Santri hari ini harus mampu membaca dan menganalisa indikasi tersebut. Mereka harus mulai meng-upgrade wawasan dan pengetahuan. Karena elemen santri adalah salah satu elemen yang sulit disusupi faham-faham radikalisme. Dengan catatan ia terdidik dalam pesantren yang terbentengi oleh faham aswaja dan semangat kebangsaan yang kuat, menjunjung tinggi ukhuwah wathaniyah.
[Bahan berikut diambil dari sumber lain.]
(* Let $\Gamma\Rightarrow\Delta$ be a saturated upper sequent of a branch $\mathcal{B}$ of a derivation in $\mathsf{CL}$ (with L$>^\star$ and Mon$\forall$) of a sequent $\Rightarrow x_0:A_0$. Then there exist a finite neighbourhood model $\mathcal{M}$ and a realization $(\rho,\sigma)$ of the labels of the branch such that $\mathcal{M}\vDash_{\rho,\sigma}\mathcal{F}$ for every $\mathcal{F}\in\downarrow\Gamma$ and $\mathcal{M}\nvDash_{\rho,\sigma}\mathcal{F}$ for every $\mathcal{F}\in\downarrow\Delta$.
   Context: Syntax: world labels, neighbourhood labels; relational atoms $a\in N(x)$, $x\in a$, $a\subseteq b$; labelled formulas: these, $x:A$, $a\Vdash^\exists A$, $a\Vdash^\forall A$, $x\Vdash_aA|B$, for $A,B\in\mathcal{L}::=p\mid\bot\mid A\wedge B\mid A\lor B\mid A\to B\mid A>B$. The calculus (premisses / conclusion; ''fresh'': label not in conclusion): initial sequents $x:p,\Gamma\Rightarrow\Delta,x:p$, $x:\bot,\Gamma\Rightarrow\Delta$; G3 rules for $\wedge,\vee,\to$; L$\forall$: $x:A,x\in a,a\Vdash^\forall A,\Gamma\Rightarrow\Delta$ / $x\in a,a\Vdash^\forall A,\Gamma\Rightarrow\Delta$; R$\forall$ (x fresh): $x\in a,\Gamma\Rightarrow\Delta,x:A$ / $\Gamma\Rightarrow\Delta,a\Vdash^\forall A$; L$\exists$ (x fresh): $x\in a,x:A,\Gamma\Rightarrow\Delta$ / $a\Vdash^\exists A,\Gamma\Rightarrow\Delta$; R$\exists$: $x\in a,\Gamma\Rightarrow\Delta,x:A,a\Vdash^\exists A$ / $x\in a,\Gamma\Rightarrow\Delta,a\Vdash^\exists A$; R$>$ (a fresh): $a\in N(x),a\Vdash^\exists A,\Gamma\Rightarrow\Delta,x\Vdash_aA|B$ / $\Gamma\Rightarrow\Delta,x:A>B$; L$>^\star$: $a\in N(x),x:A>B,\Gamma\Rightarrow\Delta,a\Vdash^\exists A$ and $a\Vdash^\exists A,x\Vdash_aA|B,a\in N(x),x:A>B,\Gamma\Rightarrow\Delta$ / $a\in N(x),x:A>B,\Gamma\Rightarrow\Delta$; R$|$: $c\in N(x),c\subseteq a,\Gamma\Rightarrow\Delta,x\Vdash_aA|B,c\Vdash^\exists A$ and $c\in N(x),c\subseteq a,\Gamma\Rightarrow\Delta,x\Vdash_aA|B,c\Vdash^\forall A\to B$ / $c\in N(x),c\subseteq a,\Gamma\Rightarrow\Delta,x\Vdash_aA|B$; L$|$ (c fresh): $c\in N(x),c\subseteq a,c\Vdash^\exists A,c\Vdash^\forall A\to B,\Gamma\Rightarrow\Delta$ / $x\Vdash_aA|B,\Gamma\Rightarrow\Delta$; Ref: $a\subseteq a,\Gamma\Rightarrow\Delta$ / $\Gamma\Rightarrow\Delta$; Tr: $c\subseteq a,c\subseteq b,b\subseteq a,\Gamma\Rightarrow\Delta$ / $c\subseteq b,b\subseteq a,\Gamma\Rightarrow\Delta$; L$\subseteq$: $x\in a,a\subseteq b,x\in b,\Gamma\Rightarrow\Delta$ / $x\in a,a\subseteq b,\Gamma\Rightarrow\Delta$; Mon$\forall$: $b\subseteq a,b\Vdash^\forall A,a\Vdash^\forall A,\Gamma\Rightarrow\Delta$ / $b\subseteq a,a\Vdash^\forall A,\Gamma\Rightarrow\Delta$. For a branch $S_0,\dots,S_k$ with $S_k=\Gamma\Rightarrow\Delta$, $\downarrow\Gamma$ ($\downarrow\Delta$) is the union of the antecedents (succedents) of $S_0,\dots,S_k$. Saturated means: no $x:p$ in $\Gamma\cap\Delta$, no $x:\bot$ in $\Gamma$, and: $x:A\wedge B\in\downarrow\Gamma\Rightarrow x:A,x:B\in\downarrow\Gamma$; $x:A\wedge B\in\downarrow\Delta\Rightarrow x:A$ or $x:B\in\downarrow\Delta$; $x:A\vee B\in\downarrow\Gamma\Rightarrow x:A$ or $x:B\in\downarrow\Gamma$; $x:A\vee B\in\downarrow\Delta\Rightarrow x:A,x:B\in\downarrow\Delta$; $x:A\to B\in\downarrow\Gamma\Rightarrow x:B\in\downarrow\Gamma$ or $x:A\in\downarrow\Delta$; $x:A\to B\in\Delta\Rightarrow x:A\in\downarrow\Gamma$ and $x:B\in\downarrow\Delta$; if $a$ occurs in $\Gamma\cup\Delta$ then $a\subseteq a\in\Gamma$; $a\subseteq b,b\subseteq c\in\Gamma\Rightarrow a\subseteq c\in\Gamma$; $x\in a,a\subseteq b\in\Gamma\Rightarrow x\in b\in\Gamma$; $x\in a,a\Vdash^\forall A\in\Gamma\Rightarrow x:A\in\downarrow\Gamma$; $a\Vdash^\forall A\in\downarrow\Delta\Rightarrow$ some $x$ with $x\in a\in\Gamma$, $x:A\in\downarrow\Delta$; $a\Vdash^\exists A\in\downarrow\Gamma\Rightarrow$ some $x$ with $x\in a\in\Gamma$, $x:A\in\downarrow\Gamma$; $x\in a\in\Gamma$, $a\Vdash^\exists A\in\Delta\Rightarrow x:A\in\downarrow\Delta$; $x:A>B\in\downarrow\Delta\Rightarrow$ some $a$ with $a\in N(x)\in\Gamma$, $a\Vdash^\exists A\in\downarrow\Gamma$, $x\Vdash_aA|B\in\Delta$; $a\in N(x),x:A>B\in\Gamma\Rightarrow a\Vdash^\exists A\in\downarrow\Delta$ or ($a\Vdash^\exists A,x\Vdash_aA|B\in\downarrow\Gamma$); $c\in N(x),c\subseteq a\in\Gamma$, $x\Vdash_aA|B\in\Delta\Rightarrow c\Vdash^\exists A\in\Delta$ or $c\Vdash^\forall A\to B\in\downarrow\Delta$; $x\Vdash_aA|B\in\downarrow\Gamma\Rightarrow$ some $c$ with $c\in N(x),c\subseteq a\in\Gamma$, $c\Vdash^\exists A\in\downarrow\Gamma$, $c\Vdash^\forall A\to B\in\Gamma$; $b\subseteq a,a\Vdash^\forall A\in\Gamma\Rightarrow b\Vdash^\forall A\in\Gamma$. Neighbourhood model $\langle W,N,\llbracket\cdot\rrbracket\rangle$: $W\neq\emptyset$, $N:W\to\mathcal{P}(\mathcal{P}(W))$, every $\alpha\in N(x)$ non-empty; $x\Vdash A>B$ iff every $\alpha\in N(x)$ containing an $A$-world has some $\beta\in N(x)$, $\beta\subseteq\alpha$, containing an $A$-world and with all worlds forcing $A\to B$. A realization $(\rho,\sigma)$ maps world labels to worlds and neighbourhood labels to sets of worlds; $\mathcal{M}\vDash_{\rho,\sigma}a\in N(x)$ iff $\sigma(a)\in N(\rho(x))$; $a\subseteq b$ iff $\sigma(a)\subseteq\sigma(b)$; $y\in a$ iff $\rho(y)\in\sigma(a)$; $x:A$ iff $\rho(x)\Vdash A$; $a\Vdash^\forall A$ iff all worlds of $\sigma(a)$ force $A$; $a\Vdash^\exists A$ iff some world of $\sigma(a)$ forces $A$; $x\Vdash_aA|B$ iff $\sigma(a)\in N(\rho(x))$ and some $\beta\subseteq\sigma(a)$ contains an $A$-world and all its worlds force $A\to B$. *)

From mathcomp Require Import all_boot.
From Stdlib Require Import Permutation.
Set Implicit Arguments. Unset Strict Implicit. Unset Printing Implicit Defensive.
(* Let $R$ be a finite group, let $S\subseteq R$ and let $K,H$ be subgroups with $1<K<H<R$. Suppose that (1) $K$ is characteristic in $R$, (2) $K$ is maximal in $H$, (3) $K(S\setminus H)=S\setminus H$, and (4) $K(S\setminus K)\neq S\setminus K$. Then $\mathrm{Aut}(R)_S$ normalises $H$ (i.e. every automorphism of $R$ fixing $S$ setwise maps $H$ to itself).
   Context: $\mathrm{Aut}(R)_S$ denotes the group of automorphisms of $R$ that fix the subset $S$ setwise. *)

From mathcomp Require Import all_boot all_fingroup all_solvable.

From mathcomp Require Import all_boot all_fingroup all_solvable.

(* Suppose an automorphism [a] of [R] fixing [S] moved [H].  As [K] is
   characteristic, [a] fixes [K], so [K <= H :&: a @: H < H] and maximality
   forces [H :&: a @: H = K].  Transporting (3) by [a] shows that [S :\: a @: H]
   is also a union of right cosets of [K]; since every element of [S :\: K]
   lies outside [H] or outside [a @: H], [S :\: K] is a union of right cosets
   of [K] too, contradicting (4). *)

Local Open Scope group_scope.

Section AutStableSets.

Local Set Implicit Arguments.
Local Unset Strict Implicit.

Variable gT : finGroupType.
Implicit Types (A B S : {set gT}) (K H G R : {group gT}).

Lemma perm_imsetD (a : {perm gT}) A B : a @: (A :\: B) = a @: A :\: a @: B.
Proof. by rewrite !(can_imset_pre _ (permK a)) preimsetD. Qed.

Lemma Aut_imsetM R (a : {perm gT}) A B :
  a \in Aut R -> A \subset R -> B \subset R -> a @: (A * B) = a @: A * a @: B.
Proof.
move=> aR sAR sBR.
by rewrite -(autmE aR) -!morphimEsub ?mul_subG // morphimMl.
Qed.

Lemma char_Aut_imset K R (a : {perm gT}) :
  K \char R -> a \in Aut R -> a @: K = K.
Proof.
rewrite /characteristic => /andP[_ /forall_inP chK] aR.
by apply/eqP; rewrite eqEcard chK // (card_imset _ (@perm_inj _ a)) /=.
Qed.

Lemma Aut_mulg_setD R K (a : {perm gT}) A S :
  a \in Aut R -> K \subset R -> S \subset R -> a @: K = K -> a @: S = S ->
  K * (S :\: A) = S :\: A -> K * (S :\: a @: A) = S :\: a @: A.
Proof.
move=> aR sKR sSR aK aS KSA.
have sSAR : S :\: A \subset R by rewrite (subset_trans (subsetDl S A)).
by rewrite -aS -perm_imsetD -{1}aK -(Aut_imsetM aR) // KSA.
Qed.

Lemma maximal_setI K H G :
  maximal K H -> K \subset G -> ~~ (H \subset G) -> H :&: G = K.
Proof.
move=> maxK sKG nsHG; have /maxgroupP[/andP[sKH _] maxKH] := maxK.
apply: (maxKH (H :&: G)%G); last by rewrite subsetI sKH.
by rewrite properE subsetIl subsetI subxx.
Qed.

Lemma mulg_setD_setI K A B S :
  A :&: B \subset K -> K * (S :\: A) = S :\: A -> K * (S :\: B) = S :\: B ->
  K * (S :\: K) = S :\: K.
Proof.
move=> sABK KSA KSB; apply/eqP; rewrite eqEsubset mulG_subr andbT.
apply/subsetP=> _ /mulsgP[k x kK /setDP[xS xK] ->].
rewrite inE groupMl // xK /=.
have [xA | xA] := boolP (x \in A).
  have xB : x \notin B.
    by apply: contra xK => xB; apply: (subsetP sABK); rewrite inE xA.
  by have /setDP[] : k * x \in S :\: B by rewrite -KSB mem_mulg // inE xB.
by have /setDP[] : k * x \in S :\: A by rewrite -KSA mem_mulg // inE xA.
Qed.

End AutStableSets.

Theorem proposition2p4 (gT : finGroupType) (R K H : {group gT}) (S : {set gT})
  (hSR : S \subset R)
  (h1K : [1 gT] \proper K) (hKH : K \proper H) (hHR : H \proper R)
  (hchar : K \char R)
  (hmax : maximal K H)
  (h3 : K * (S :\: H) = S :\: H)
  (h4 : K * (S :\: K) != S :\: K) :
  forall a : {perm gT}, a \in Aut R -> a @: S = S -> a @: H = H.
Proof.
move=> a aR aS; apply/eqP; apply: contraR h4 => aH_neq_H.
have sKH := proper_sub hKH; have sHR := proper_sub hHR.
have aK := char_Aut_imset hchar aR.
have [G aHE] : exists G : {group gT}, a @: H = G.
  by exists (autm aR @* H)%G; rewrite /= morphimEsub // autmE.
have HG : H :&: G = K.
  apply: maximal_setI => //; first by move: (imsetS a sKH); rewrite aK aHE.
  apply: contra aH_neq_H; rewrite -aHE => sHaH.
  by rewrite eq_sym eqEcard sHaH (card_imset _ (@perm_inj _ a)) /=.
have KSG : K * (S :\: G) = S :\: G.
  by rewrite -aHE (Aut_mulg_setD aR) // (subset_trans sKH).
by apply/eqP; apply: (mulg_setD_setI _ h3 KSG); rewrite HG.
Qed.
(* Let $N\ge1$ and let $F=(f_1,\ldots,f_N):\{0,1\}^N\to\{0,1\}^N$ be a synchronously updated linear Boolean network, where each $f_i(\mathbf x)=\sum_{j\in S_i}x_j \pmod 2$ for a subset $S_i\subseteq\{1,\dots,N\}$ of size $n_i$ (the in-degree of node $i$). For $1\le m\le N$, let $(\mathbf x,\mathbf y)$ be a uniformly random pair of states in $\{0,1\}^N$ with Hamming distance $d(\mathbf x,\mathbf y)=m$. Then $$D(F,m) := \mathbb{E}\Big[d\big(F(\mathbf x),F(\mathbf y)\big) \ \big| \ d(\mathbf x,\mathbf y) = m\Big] = \sum_{i=1}^N\mathbb{P}\left(f_i(\mathbf x) \neq f_i(\mathbf y) \ \big| \ d(\mathbf x,\mathbf y) =m \right) = \sum_{i=1}^N \sum_{\substack{1\le c\le m\\ c\text{ odd}}} H_{N,m,n_i}(c),$$ where $$H_{N,m,n_i}(c) = \frac{\binom mc \binom{N-m}{n_i-c}}{\binom N{n_i}} = \frac{\binom {n_i}c \binom{N-n_i}{m-c}}{\binom N{m}}$$ is the hypergeometric probability mass function.
   Context: $d(\cdot,\cdot)$ denotes Hamming distance on $\{0,1\}^N$. Binomial coefficients $\binom ab$ are taken to be $0$ when $b<0$ or $b>a$. The quantity $D(F,m)$ is called the Derrida value of $F$ at $m$. *)

From mathcomp Require Import all_boot all_order all_algebra.
Set Implicit Arguments. Unset Strict Implicit. Unset Printing Implicit Defensive.
Import Order.TTheory GRing.Theory Num.Theory.

Definition state (N : nat) := {ffun 'I_N -> bool}.

Definition hamming N (x y : state N) : nat := #|[set i | x i != y i]|.

Definition linear_net N (S : 'I_N -> {set 'I_N}) (x : state N) : state N :=
  [ffun i => \big[addb/false]_(j in S i) x j].

(* All ordered pairs of states at Hamming distance m (uniform distribution). *)
Definition pairs_at N (m : nat) : {set state N * state N} :=
  [set p | hamming p.1 p.2 == m].

Definition derrida N (F : state N -> state N) (m : nat) : rat :=
  ((\sum_(p in pairs_at N m) (hamming (F p.1) (F p.2))%:R)
     / (#|pairs_at N m|)%:R)%R.

Definition node_flip_prob N (F : state N -> state N) (i : 'I_N) (m : nat) : rat :=
  ((#|[set p in pairs_at N m | F p.1 i != F p.2 i]|)%:R
     / (#|pairs_at N m|)%:R)%R.

(* Binomial coefficient with integer lower index, 0 when b < 0 (and, as usual
   for 'C, when b > a). *)
Definition binz (a : nat) (b : int) : nat :=
  match b with Posz k => 'C(a, k) | Negz _ => 0 end.

Definition hyper1 (N m n c : nat) : rat :=
  ((binz m c * binz (N - m) (n%:Z - c%:Z))%:R / ('C(N, n))%:R)%R.

Definition hyper2 (N m n c : nat) : rat :=
  ((binz n c * binz (N - n) (m%:Z - c%:Z))%:R / ('C(N, m))%:R)%R.

From mathcomp Require Import all_boot all_order all_algebra zify ring.
Import Order.TTheory GRing.Theory Num.Theory.
Set Implicit Arguments. Unset Strict Implicit.

(* Node i of a linear network flips iff an odd number of the coordinates where
   x and y differ lie in S_i.  A pair (x, y) is determined by x and the set D of
   its differing coordinates, so under the uniform law on pairs at distance m,
   D is a uniform m-subset; the flip probability of node i is thus the
   probability that a uniform m-subset meets the #|S_i|-set S_i in an odd number
   of points, a sum of hypergeometric probabilities.  The Derrida value is the
   sum of these by linearity of expectation.  The two forms of the
   hypergeometric pmf agree because, cleared of denominators, both equal the
   multinomial coefficient N! / (c! (m-c)! (n-c)! (N-m-n+c)!). *)

Lemma card_set_sum (T : finType) (P : pred T) : #|[set x | P x]| = \sum_x P x.
Proof.
by rewrite -sum1dep_card big_mkcond /=; apply: eq_bigr => x _; case: (P x).
Qed.

Lemma big_addb_odd (T : finType) (A : {pred T}) (b : pred T) :
  \big[addb/false]_(j in A) b j = odd #|[set j in A | b j]|.
Proof.
rewrite card_set_sum (big_morph odd oddD (erefl (odd 0))) big_mkcond /=.
by apply: eq_bigr => j _; case: (j \in A); case: (b j).
Qed.

Lemma card_odd_fibers (T : finType) (P : pred T) (k : T -> nat) (m : nat) :
  (forall x, P x -> k x <= m) ->
  #|[set x | P x && odd (k x)]|
    = \sum_(1 <= c < m.+1 | odd c) #|[set x | P x && (k x == c)]|.
Proof.
move=> le_km; rewrite card_set_sum.
under [RHS]eq_bigr do rewrite card_set_sum.
rewrite exchange_big /=; apply: eq_bigr => x _.
case: (boolP (P x)) => [Px | _] /=; last by rewrite big1.
case: (posnP (k x)) => [-> | kx_gt0]; first by rewrite big1 // => -[].
rewrite big_mkcond (bigD1_seq (k x)) ?iota_uniq //=; last first.
  by rewrite mem_index_iota kx_gt0 ltnS le_km.
rewrite eqxx big1 ?addn0; first by case: odd.
by move=> c /negPf; rewrite eq_sym => ->; case: odd.
Qed.

Lemma card_set_ord_le N (A : {set 'I_N}) : #|A| <= N.
Proof. by rewrite -[X in _ <= X]card_ord max_card. Qed.

Section PairsByFiber.

Variables (T U : finType) (f : T -> T -> U) (g : T -> U -> T).
Hypotheses (fK : forall x, cancel (f x) (g x)) (gK : forall x, cancel (g x) (f x)).

Lemma card_pairs_by_fiber (P : pred U) :
  #|[set p : T * T | P (f p.1 p.2)]| = #|T| * #|[set u | P u]|.
Proof.
pose h (p : T * T) := (p.1, f p.1 p.2).
transitivity #|h @^-1: setX [set: T] [set u | P u]|.
  by apply: eq_card => p; rewrite !inE.
rewrite on_card_preimset ?cardsX ?cardsT //.
exists (fun q => (q.1, g q.1 q.2)) => [[x y] | [x u]] _;
  by rewrite /h /= ?fK ?gK.
Qed.

End PairsByFiber.

Definition diffset N (x y : state N) : {set 'I_N} := [set i | x i != y i].

Definition xorset N (x : state N) (D : {set 'I_N}) : state N :=
  [ffun i => x i (+) (i \in D)].

Lemma diffsetK N (x : state N) : cancel (diffset x) (xorset x).
Proof.
by move=> y; apply/ffunP => i; rewrite ffunE inE; case: (x i); case: (y i).
Qed.

Lemma xorsetK N (x : state N) : cancel (xorset x) (diffset x).
Proof.
by move=> D; apply/setP => i; rewrite !inE ffunE; case: (x i); case: (i \in D).
Qed.

Lemma card_pairs_diffset N (P : pred {set 'I_N}) :
  #|[set p : state N * state N | P (diffset p.1 p.2)]|
    = 2 ^ N * #|[set D | P D]|.
Proof.
rewrite (card_pairs_by_fiber (@diffsetK N) (@xorsetK N)).
by rewrite card_ffun card_bool card_ord.
Qed.

Lemma linear_net_neq N (S : 'I_N -> {set 'I_N}) (x y : state N) (i : 'I_N) :
  (linear_net S x i != linear_net S y i) = odd #|diffset x y :&: S i|.
Proof.
have neq_addb (a b : bool) : (a != b) = a (+) b by case: a; case: b.
rewrite !ffunE neq_addb -big_split big_addb_odd /=.
congr (odd _); apply: eq_card => j; rewrite !inE.
by case: (j \in S i); case: (x j); case: (y j).
Qed.

Lemma card_draws_setI (T : finType) (S : {set T}) (m c : nat) : c <= m ->
  #|[set D : {set T} | (#|D| == m) && (#|D :&: S| == c)]|
    = 'C(#|S|, c) * 'C(#|~: S|, m - c).
Proof.
move=> le_cm.
pose parts (D : {set T}) := (D :&: S, D :\: S).
pose R := setX [set A : {set T} | A \subset S & #|A| == c]
               [set B : {set T} | B \subset ~: S & #|B| == m - c].
transitivity #|parts @^-1: R|.
  apply: eq_card => D; rewrite !inE subsetIr -[#|D|](cardsID S D) /=.
  have -> : D :\: S \subset ~: S by rewrite setDE subsetIr.
  apply/andP/and3P => [[/eqP sum_m /eqP cap_c] | [/eqP cap_c _ /eqP diff_c]].
    by split=> //; apply/eqP; lia.
  by split; apply/eqP; lia.
rewrite on_card_preimset; first by rewrite cardsX !cards_draws.
exists (fun q => q.1 :|: q.2) => [D _ | [A B]]; first exact: setID.
rewrite !inE /= => /andP[/andP[/subsetP sAS _] /andP[/subsetP sBS _]].
congr pair; apply/setP => j; have /implyP := sAS j; have /implyP := sBS j;
  by rewrite !inE; case: (j \in A); case: (j \in B); case: (j \in S).
Qed.

Lemma bin_split_fact (N m c k : nat) : c <= m -> m <= N -> k <= N - m ->
  'C(N, m) * 'C(m, c) * 'C(N - m, k) * (c`! * (m - c)`! * (k`! * (N - m - k)`!))
    = N`!.
Proof.
move=> le_cm le_mN le_k.
by rewrite -(bin_fact le_mN) -(bin_fact le_cm) -(bin_fact le_k); ring.
Qed.

Lemma bin_hypergeometric_sym (N m n c : nat) :
  m <= N -> n <= N -> c <= m -> c <= n ->
  'C(m, c) * 'C(N - m, n - c) * 'C(N, m) = 'C(n, c) * 'C(N - n, m - c) * 'C(N, n).
Proof.
move=> le_mN le_nN le_cm le_cn.
have [le_nc | lt_nc] := leqP (n - c) (N - m); last first.
  have lt_mc : N - n < m - c by lia.
  by rewrite (bin_small lt_nc) (bin_small lt_mc) !muln0 !mul0n.
have le_mc : m - c <= N - n by lia.
pose K := c`! * (m - c)`! * ((n - c)`! * (N - m - (n - c))`!).
have K_sym : K = c`! * (n - c)`! * ((m - c)`! * (N - n - (m - c))`!).
  by rewrite /K (_ : N - n - (m - c) = N - m - (n - c)); [ring | lia].
apply/eqP; rewrite -(eqn_pmul2r (_ : 0 < K)); last by rewrite !muln_gt0 !fact_gt0.
apply/eqP; transitivity N`!.
  by rewrite /K -(bin_split_fact le_cm le_mN le_nc); ring.
by rewrite K_sym -(bin_split_fact le_cn le_nN le_mc); ring.
Qed.

Lemma binz_subn (a n c : nat) :
  binz a (n%:Z - c%:Z) = if c <= n then 'C(a, n - c) else 0.
Proof.
case: leqP => [le_cn | lt_nc]; first by rewrite subzn.
have cn_gt0 : 0 < c - n by rewrite subn_gt0.
by rewrite -opprB (subzn (ltnW lt_nc)) -(prednK cn_gt0) -NegzE.
Qed.

Lemma hyper1_hyper2 (N m n c : nat) : m <= N -> n <= N -> c <= m ->
  hyper1 N m n c = hyper2 N m n c.
Proof.
move=> le_mN le_nN le_cm; rewrite /hyper1 /hyper2 /= !binz_subn le_cm.
case: (leqP c n) => [le_cn | lt_nc]; last first.
  by rewrite (bin_small lt_nc) muln0 mul0n !mul0r.
have bin_neq0 k : k <= N -> ('C(N, k)%:R != 0 :> rat)%R.
  by move=> le_kN; rewrite pnatr_eq0 -lt0n bin_gt0.
apply/eqP; rewrite eqr_div ?bin_neq0 // -!natrM.
by rewrite bin_hypergeometric_sym.
Qed.

Lemma derrida_sum_node_flip_prob N (F : state N -> state N) (m : nat) :
  derrida F m = (\sum_(i < N) node_flip_prob F i m)%R.
Proof.
rewrite /derrida /node_flip_prob -mulr_suml -!natr_sum; congr (_%:R / _)%R.
under eq_bigr do rewrite /hamming card_set_sum.
under [RHS]eq_bigr do rewrite card_set_sum.
rewrite exchange_big /=; apply: eq_bigr => i _.
by rewrite big_mkcond /=; apply: eq_bigr => p _; case: (p \in pairs_at N m).
Qed.

Lemma node_flip_prob_linear_net N (S : 'I_N -> {set 'I_N}) (i : 'I_N) (m : nat) :
  m <= N ->
  node_flip_prob (linear_net S) i m
    = (\sum_(1 <= c < m.+1 | odd c) hyper1 N m #|S i| c)%R.
Proof.
move=> le_mN.
have pairsE : pairs_at N m = [set p | #|diffset p.1 p.2| == m].
  by apply/setP => p; rewrite !inE.
have flipsE : [set p in pairs_at N m | linear_net S p.1 i != linear_net S p.2 i]
    = [set p | (#|diffset p.1 p.2| == m) && odd #|diffset p.1 p.2 :&: S i|].
  by apply/setP => p; rewrite !inE linear_net_neq.
rewrite /node_flip_prob flipsE pairsE.
rewrite (card_pairs_diffset (fun D => (#|D| == m) && odd #|D :&: S i|)).
rewrite (card_pairs_diffset (fun D => #|D| == m)) card_draws card_ord.
rewrite !natrM -mulf_div divff ?mul1r ?pnatr_eq0 ?expn_eq0 //.
rewrite (@card_odd_fibers _ _ _ m) => [|D /eqP <-]; last first.
  exact/subset_leq_card/subsetIl.
rewrite natr_sum mulr_suml big_nat_cond [RHS]big_nat_cond.
apply: eq_bigr => c /andP[/andP[_ /ltnSE le_cm] _].
have cardC : #|~: S i| = N - #|S i|.
  by have := cardsC (S i); rewrite card_ord; lia.
rewrite hyper1_hyper2 ?card_set_ord_le // /hyper2 /= binz_subn le_cm.
by rewrite card_draws_setI // cardC.
Qed.

Theorem mainTheorem2 (N : nat) (S : 'I_N -> {set 'I_N}) (m : nat) :
  (1 <= N)%N -> (1 <= m <= N)%N ->
  [/\ derrida (linear_net S) m
        = (\sum_(i < N) node_flip_prob (linear_net S) i m)%R,
      (\sum_(i < N) node_flip_prob (linear_net S) i m)%R
        = (\sum_(i < N) \sum_(1 <= c < m.+1 | odd c) hyper1 N m #|S i| c)%R
    & forall (i : 'I_N) (c : nat), (1 <= c <= m)%N ->
        hyper1 N m #|S i| c = hyper2 N m #|S i| c].
Proof.
move=> _ /andP[_ le_mN]; split.
- exact: derrida_sum_node_flip_prob.
- by apply: eq_bigr => i _; apply: node_flip_prob_linear_net.
- by move=> i c /andP[_ le_cm]; apply: hyper1_hyper2; rewrite ?card_set_ord_le.
Qed.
Selain teknologi, pemahaman moderasi beragama juga sangat penting ditanamkan dikalangan kaum santri. Ini berangkat dari kesepahaman bahwa semua agama membawa misi perdamaian. Santri harus bisa memahamkan umat bahwa Islam yang rahmatan lil ‘alamin adalah Islam yang menerima terhadap semua kalangan, bukan muslim saja. Sejalan dengan ungkapan Sayyidina Ali,”Yang bukan saudaramu seiman adalah saudaramu dalam kemanusiaan”. Siapapun manusia disekitar kita yang beragama, baik Hindu, Kristen, Budha, dan Konghucu adalah saudara yang harus kita lindungi dan junjung tinggi hak-haknya.
Santri harus bisa menjadi aktor utama dalam menegakkan nilai-nilai ahlusunnah wal jama’ah, seperti tawassuth, tasammuh, tawazzun dan adl’. Siapapun, selama berakhlak seperti santri adalah santri. Kepada santri dititipkan rumah besar NKRI. Selamat Hari Santri Nasional 2020.